Multiple GPU, device-memory

Community,

I have a program that does this:

For( i = 0; i < 500; i++ )
{
Load in Data
Split Data into two 1-D arrays
Move ONE array to each of the two devices
Execute Kernal
Move ONE array from each device to HOST
}

I looked at the SimpleMultiGPU example and came across this problem:

For( i = 0; i < num_iterations; i++ )
{

for(int device_counter = 0; device_counter < num_gpus; device_counter++)
{
threadID[device_counter] = cutStartThread( (CUT_THREADROUTINE)ComputeDevice, (void *)(deviceData+device_counter) );
}

}

where my CUT_THREADROUTINE is…

static CUT_THREADPROC ComputeDevice(TGPUdeviceData *deviceData)
{
unsigned short *d_Input;

// Set Device
cutilSafeCall( cudaSetDevice(deviceData->device) );

// Allocate Memory
cutilSafeCall( cudaMalloc((void**)&d_Input, ...) );

// Copy to Device
cutilSafeCall( cudaMemcpy( d_Input, deviceData->h_data, ..., cudaMemcpyHostToDevice ) );

**<<Call Kernal1>>**

// Copy to Host
cutilSafeCall( cudaMemcpy( deviceData->h_data, d_Input, ..., cudaMemcpyDeviceToHost ) );

cudaFree(d_Input);

CUT_THREADEND;

}

This solution works, but there is MAJOR LAGG!!! By allocating and freeing “d_Input” every single time for each device * each iteration really swamps the processing time.

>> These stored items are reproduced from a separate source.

Lemma in_outball1_digraph_of (x y : T) :
  (enum_rank y \in outball 1 (enum_rank x : 'I_(dn digraph_of))) = (y == x) || e x y.
Proof.
by rewrite (@in_outball1 digraph_of) digraph_of_arc !enum_rankK (inj_eq enum_rank_inj).
Qed.

Lemma outball1_digraph_of (x : T) :
  outball 1 (enum_rank x : 'I_(dn digraph_of)) = enum_rank @: [set y | (y == x) || e x y].
Proof.
apply/setP => v; rewrite -[v]enum_valK mem_imset; last exact: enum_rank_inj.
by rewrite in_outball1_digraph_of inE.
Qed.

End DigraphOf.

Inductive pair_vertex (n : nat) : predArgType :=
  Source | Base of 'I_n | Pair of 'I_n & 'I_n.
Arguments Source {n}.

Definition pair_vertex_code n (x : pair_vertex n) : option ('I_n + 'I_n * 'I_n) :=
  match x with Source => None | Base i => Some (inl i) | Pair i j => Some (inr (i, j)) end.

Definition pair_vertex_decode n (c : option ('I_n + 'I_n * 'I_n)) : pair_vertex n :=
  match c with None => Source | Some (inl i) => Base i | Some (inr (i, j)) => Pair i j end.

Lemma pair_vertex_codeK n : cancel (@pair_vertex_code n) (@pair_vertex_decode n).
Proof. by case. Qed.

HB.instance Definition _ n := Finite.copy (pair_vertex n) (can_type (@pair_vertex_codeK n)).

Definition pair_arc n : rel (pair_vertex n) := fun x y =>
  match x, y with
  | Source, Pair _ _ => true
  | Pair i j, Base k => (k == i) || (k == j)
  | _, _ => false
  end.

Lemma pair_arc_irr n : irreflexive (@pair_arc n).
Proof. by case. Qed.

Definition pair_digraph n := digraph_of (@pair_arc_irr n).

Section PairVertex.
Variable n : nat.
Implicit Types (x y w : pair_vertex n).

Definition base_set := [set Base i | i : 'I_n].
(* The row recurrence of the triangle says that G is the unique series with
   G(t,0) = 1 solving  Θ G = (g0 + g∞ t) G,  Θ = (1 + r0 z) ∂_z - t(1-t) ∂_t.
   Θ is a derivation, so Θ(A C) = (α + γ) A C whenever Θ A = α A and
   Θ C = γ C.  For a factor (1 + f)^a the chain rule
   (1 + f) Θ((1 + f)^a) = a (1 + f)^a Θ f  reduces this to  Θ f = p (1 + f),
   and then α = a p.  Now f = r0 z has p = r0, hence Θ u = u and
   Θ u^-1 = -u^-1 for u = (1 + r0 z)^(1/r0) (for r0 = 0, u = e^z and
   Θ e^(g0 z) = g0 e^(g0 z)); next f = u - 1, f = t (u - 1) and
   f = (1 - t)(u^-1 - 1) have p = 1, t and t - 1, and in each closed form
   the α's add up to g0 + g∞ t. *)

From HB Require Import structures.
From mathcomp Require Import all_boot all_order all_algebra.
From mathcomp Require Import complex reals boolp.
From mathcomp Require Import ring zify.
Set Implicit Arguments. Unset Strict Implicit. Unset Printing Implicit Defensive.
Import Order.TTheory GRing.Theory Num.Theory.
Local Open Scope ring_scope.

Section PowerSeries.
Variable F : numFieldType.
Local Notation fps := (fps F).
Implicit Types (f g h w : fps) (p q : {poly F}).

HB.instance Definition _ := gen_eqMixin fps.
HB.instance Definition _ := gen_choiceMixin fps.

Lemma fps_ext f g : (forall n, f n = g n) -> f = g.
Proof. exact: funext. Qed.

Definition fps_add f g : fps := fun n => f n + g n.
Definition fps_opp f : fps := fun n => - f n.
Definition fps_zero : fps := fun=> 0.

Lemma fps_addA : associative fps_add.
Proof. by move=> f g h; apply: fps_ext => n; rewrite /fps_add addrA. Qed.
Lemma fps_addC : commutative fps_add.
Proof. by move=> f g; apply: fps_ext => n; rewrite /fps_add addrC. Qed.
Lemma fps_add0 : left_id fps_zero fps_add.
Proof. by move=> f; apply: fps_ext => n; rewrite /fps_add add0r. Qed.
Lemma fps_addN : left_inverse fps_zero fps_opp fps_add.
Proof. by move=> f; apply: fps_ext => n; rewrite /fps_add addNr. Qed.

HB.instance Definition _ :=
  GRing.isZmodule.Build fps fps_addA fps_addC fps_add0 fps_addN.

(* The ring laws of [fps_mul] are transported from {poly {poly F}} along
   truncation. *)
Definition fps_trunc N f : {poly {poly F}} := \poly_(i < N) f i.

Lemma coefM_congr (a a' b b' : {poly {poly F}}) n :
    (forall i, (i <= n)%N -> a`_i = a'`_i) ->
    (forall i, (i <= n)%N -> b`_i = b'`_i) ->
  (a * b)`_n = (a' * b')`_n.
Proof.
move=> Ha Hb; rewrite !coefM; apply: eq_bigr => i _.
by rewrite Ha ?Hb ?leq_subr // -ltnS.
Qed.

Lemma fps_mul_trunc f g N n :
  (n < N)%N -> fps_mul f g n = (fps_trunc N f * fps_trunc N g)`_n.
Proof.
move=> nN; rewrite coefM /fps_mul; apply: eq_bigr => i _.
have iN : (i < N)%N by apply: leq_ltn_trans nN; rewrite -ltnS.
have jN : (n - i < N)%N by apply: leq_ltn_trans nN; rewrite leq_subr.
by rewrite !coef_poly iN jN.
Qed.

Lemma coef_trunc_mul f g N i : (i < N)%N ->
  (fps_trunc N (fps_mul f g))`_i = (fps_trunc N f * fps_trunc N g)`_i.
Proof. by move=> iN; rewrite coef_poly iN (fps_mul_trunc _ _ iN). Qed.

Lemma fps_mulA : associative (@fps_mul F).
Proof.
move=> f g h; apply: fps_ext => n.
rewrite (fps_mul_trunc _ _ (ltnSn n)) [RHS](fps_mul_trunc _ _ (ltnSn n)).
rewrite (@coefM_congr _ (fps_trunc n.+1 f) _ (fps_trunc n.+1 g * fps_trunc n.+1 h)) //;
  last by move=> i ni; rewrite coef_trunc_mul.
rewrite [RHS](@coefM_congr _ (fps_trunc n.+1 f * fps_trunc n.+1 g) _ (fps_trunc n.+1 h)) ?mulrA //.
by move=> i ni; rewrite coef_trunc_mul.
Qed.

Lemma fps_mulC : commutative (@fps_mul F).
Proof.
move=> f g; apply: fps_ext => n.
by rewrite (fps_mul_trunc _ _ (ltnSn n)) [RHS](fps_mul_trunc _ _ (ltnSn n)) mulrC.
Qed.

Lemma fps_mul1 : left_id (@fps_one F) (@fps_mul F).
Proof.
move=> f; apply: fps_ext => n; rewrite (fps_mul_trunc _ _ (ltnSn n)).
rewrite (@coefM_congr _ 1 _ (fps_trunc n.+1 f)) ?mul1r ?coef_poly ?ltnSn //.
by move=> i ni; rewrite coef_poly ltnS ni coef1.
Qed.

Lemma fps_trunc_add N f g : fps_trunc N (f + g) = fps_trunc N f + fps_trunc N g.
Proof. by apply/polyP => i; rewrite coefD !coef_poly; case: ifP; rewrite ?addr0. Qed.

Lemma fps_mulDl : left_distributive (@fps_mul F) fps_add.
Proof.
move=> f g h; apply: fps_ext => n; rewrite /fps_add !(fps_mul_trunc _ _ (ltnSn n)).
by rewrite (fps_trunc_add n.+1 f g) mulrDl coefD.
Qed.

Lemma fps_one_neq0 : fps_one F != 0.
Proof. by apply/eqP => /(congr1 (fun f : fps => f 0%N))/eqP; rewrite oner_eq0. Qed.

HB.instance Definition _ := GRing.Zmodule_isComNzRing.Build fps
  fps_mulA fps_mulC fps_mul1 fps_mulDl fps_one_neq0.

Lemma fpsD f g n : (f + g) n = f n + g n. Proof. by []. Qed.
Lemma fpsB f g n : (f - g) n = f n - g n. Proof. by []. Qed.
Lemma fps1 n : (1 : fps) n = (n == 0%N)%:R. Proof. by []. Qed.
Lemma fpsM f g n : (f * g) n = \sum_(i < n.+1) f i * g (n - i)%N. Proof. by []. Qed.
Lemma fpsM0 f g : (f * g) 0%N = f 0%N * g 0%N. Proof. by rewrite fpsM big_ord1. Qed.
Lemma fpsM_trunc f g N n :
  (n < N)%N -> (f * g) n = (fps_trunc N f * fps_trunc N g)`_n.
Proof. exact: fps_mul_trunc. Qed.

Lemma fps_sum I (r : seq I) (P : pred I) (E : I -> fps) n :
  (\sum_(i <- r | P i) E i) n = \sum_(i <- r | P i) E i n.
Proof.
elim: r => [|x r IH]; first by rewrite !big_nil.
by rewrite !big_cons; case: (P x); rewrite ?fpsD IH.
Qed.

Definition fpsC p : fps := fun n => if n == 0%N then p else 0.
Definition fps_z : fps := fun n => (n == 1%N)%:R.

Lemma coef_fpsCM p f n : (fpsC p * f) n = p * f n.
Proof.
by rewrite fpsM big_ord_recl subn0 big1 ?addr0 // => i _; rewrite /fpsC mul0r.
Qed.

Lemma fpsC_is_zmod_morphism : zmod_morphism fpsC.
Proof. by move=> p q; apply: fps_ext => n; rewrite fpsB /fpsC; case: ifP; rewrite ?subr0. Qed.

Lemma fpsC_is_monoid_morphism : monoid_morphism fpsC.
Proof.
split; first by apply: fps_ext => n; rewrite /fpsC fps1; case: ifP.
by move=> p q; apply: fps_ext => n; rewrite coef_fpsCM /fpsC; case: ifP; rewrite ?mulr0.
Qed.

HB.instance Definition _ := GRing.isZmodMorphism.Build _ _ fpsC fpsC_is_zmod_morphism.
HB.instance Definition _ := GRing.isMonoidMorphism.Build _ _ fpsC fpsC_is_monoid_morphism.

Lemma coef_fps_zM f n : (fps_z * f) n = if n is m.+1 then f m else 0.
Proof.
case: n => [|m]; first by rewrite fpsM0 mul0r.
rewrite fpsM big_ord_recl big_ord_recl big1 ?addr0 => [|i _].
  by rewrite /fps_z /= mul0r mul1r add0r subSS subn0.
by rewrite /fps_z /= mul0r.
Qed.

Lemma fps_sub1E f : fps_sub1 f = f - 1. Proof. exact: fps_ext. Qed.
Lemma fps_pmulE p f : fps_pmul p f = fpsC p * f.
Proof. by apply: fps_ext => n; rewrite coef_fpsCM. Qed.
Lemma fps_lin1E (r : F) : fps_lin1 r = 1 + fpsC r%:P * fps_z.
Proof.
apply: fps_ext => n; rewrite fpsD coef_fpsCM /fps_lin1 /fps_z fps1.
by case: n => [|[|n]] /=; rewrite ?mulr0 ?addr0 ?mulr1 ?add0r.
Qed.

Definition eq_upto n f g := forall i, (i <= n)%N -> f i = g i.

Lemma eq_upto_mul n f f' g g' :
  eq_upto n f f' -> eq_upto n g g' -> eq_upto n (f * g) (f' * g').
Proof.
move=> Hf Hg i ni; rewrite !fpsM; apply: eq_bigr => -[j /=]; rewrite ltnS => ji.
by rewrite Hf ?Hg //; lia.
Qed.

Lemma fps_lreg w : w 0%N = 1 -> GRing.lreg w.
Proof.
move=> w0 f g /eqP; rewrite -subr_eq0 -mulrBr => /eqP wh.
apply/eqP; rewrite -subr_eq0; apply/eqP; move: (f - g) wh => h wh.
suff hn n : eq_upto n h 0 by apply: fps_ext => n; apply: (hn n).
elim: n => [|n IH] i.
  rewrite leqn0 => /eqP ->.
  by move/(congr1 (fun k : fps => k 0%N)): wh; rewrite fpsM0 w0 mul1r.
rewrite leq_eqVlt => /orP [/eqP ->|]; last exact: IH.
move/(congr1 (fun k : fps => k n.+1)): wh; rewrite fpsM big_ord_recl subn0 w0 mul1r.
by rewrite big1 ?addr0 // => j _; rewrite lift0 subSS IH ?mulr0 // leq_subr.
Qed.

Lemma coef_pow_lt f k n : f 0%N = 0 -> (n < k)%N -> (f ^+ k) n = 0.
Proof.
move=> f0; elim: k n => [//|k IH] n nk.
rewrite exprS fpsM big1 // => -[[|i] /= hi]; first by rewrite f0 mul0r.
by rewrite IH ?mulr0 //; rewrite ltnS in nk hi; lia.
Qed.

(* The last clause is continuity: the coefficients of [d f] up to order n
   only depend on those of [f] up to order n.+1. *)
Definition is_derivation (d : fps -> fps) :=
  [/\ forall f g, d (f + g) = d f + d g,
      forall f g, d (f * g) = d f * g + f * d g,
      forall c : F, d (fpsC c%:P) = 0 &
      forall n f g, eq_upto n.+1 f g -> eq_upto n (d f) (d g)].

Section Derivation.
Variable d : fps -> fps.
Hypothesis hd : is_derivation d.

Lemma derD f g : d (f + g) = d f + d g. Proof. by case: hd. Qed.
Lemma derM f g : d (f * g) = d f * g + f * d g. Proof. by case: hd. Qed.
Lemma derC (c : F) : d (fpsC c%:P) = 0. Proof. by case: hd. Qed.
Lemma der_eq_upto n f g : eq_upto n.+1 f g -> eq_upto n (d f) (d g).
Proof. by case: hd => _ _ _; apply. Qed.

Lemma der0 : d 0 = 0.
Proof. by apply: (addrI (d 0)); rewrite addr0 -derD addr0. Qed.
Lemma derN f : d (- f) = - d f.
Proof. by apply: (addrI (d f)); rewrite -derD !subrr der0. Qed.
Lemma derB f g : d (f - g) = d f - d g. Proof. by rewrite derD derN. Qed.
Lemma der1 : d 1 = 0. Proof. by rewrite -(rmorph1 fpsC) -polyC1 derC. Qed.
Lemma derX f k : d (f ^+ k.+1) = f ^+ k * d f *+ k.+1.
Proof.
elim: k => [|k IH]; first by rewrite expr1 expr0 mul1r.
by rewrite exprS derM IH !exprS; ring.
Qed.

Lemma der_eigenM f g p q : d f = fpsC p * f -> d g = fpsC q * g ->
  d (f * g) = fpsC (p + q) * (f * g).
Proof. by move=> df dg; rewrite derM df dg rmorphD; ring. Qed.

End Derivation.

Lemma derivation_sub d e : is_derivation d -> is_derivation e ->
  is_derivation (fun f => d f - e f).
Proof.
move=> hd he; split=> [f g|f g|c|n f g fg].
- by rewrite (derD hd) (derD he); ring.
- by rewrite (derM hd) (derM he); ring.
- by rewrite (derC hd) (derC he) subr0.
- by move=> i ni; rewrite !fpsB (der_eq_upto hd fg) ?(der_eq_upto he fg).
Qed.

Lemma derivation_mull w d : is_derivation d -> is_derivation (fun f => w * d f).
Proof.
move=> hd; split=> [f g|f g|c|n f g fg].
- by rewrite (derD hd) mulrDr.
- by rewrite (derM hd); ring.
- by rewrite (derC hd) mulr0.
- exact/eq_upto_mul/(der_eq_upto hd).
Qed.

Definition Dz f : fps := fun n => f n.+1 *+ n.+1.
Definition Dt f : fps := fun n => (f n)^`().

Lemma Dz_derivation : is_derivation Dz.
Proof.
split=> [f g|f g|c|n f g fg].
- by apply: fps_ext => n; rewrite /Dz !fpsD mulrnDl.
- apply: fps_ext => n; rewrite fpsD /Dz (fpsM_trunc _ _ (ltnSn n.+1)).
  rewrite -coef_deriv derivM coefD !(fpsM_trunc _ _ (ltnW (ltnSn n.+1))).
  congr (_ + _); apply: coefM_congr => // i ni;
    by rewrite coef_deriv !coef_poly !ltnS ni (leqW ni).
- by apply: fps_ext => n; rewrite /Dz /fpsC mul0rn.
- by move=> i ni; rewrite /Dz fg.
Qed.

Ideally, I want to set up a global device memory pointer/location such that I only need to allocate the memory once and then rewrite it every time it loops. What is the best approach to do this? Or is my line of thinking incorrect? Keep in mind that I need a global device memory location for EACH device and it needs to be done before the num_iterations loop begins.

Thanks so much for your help!

Well, if you are using multi-GPUs, you need multiple host threads given that the resources allocated to the GPU are valid within the context of the host thread. For multi-GPUs, I currently use pthreads.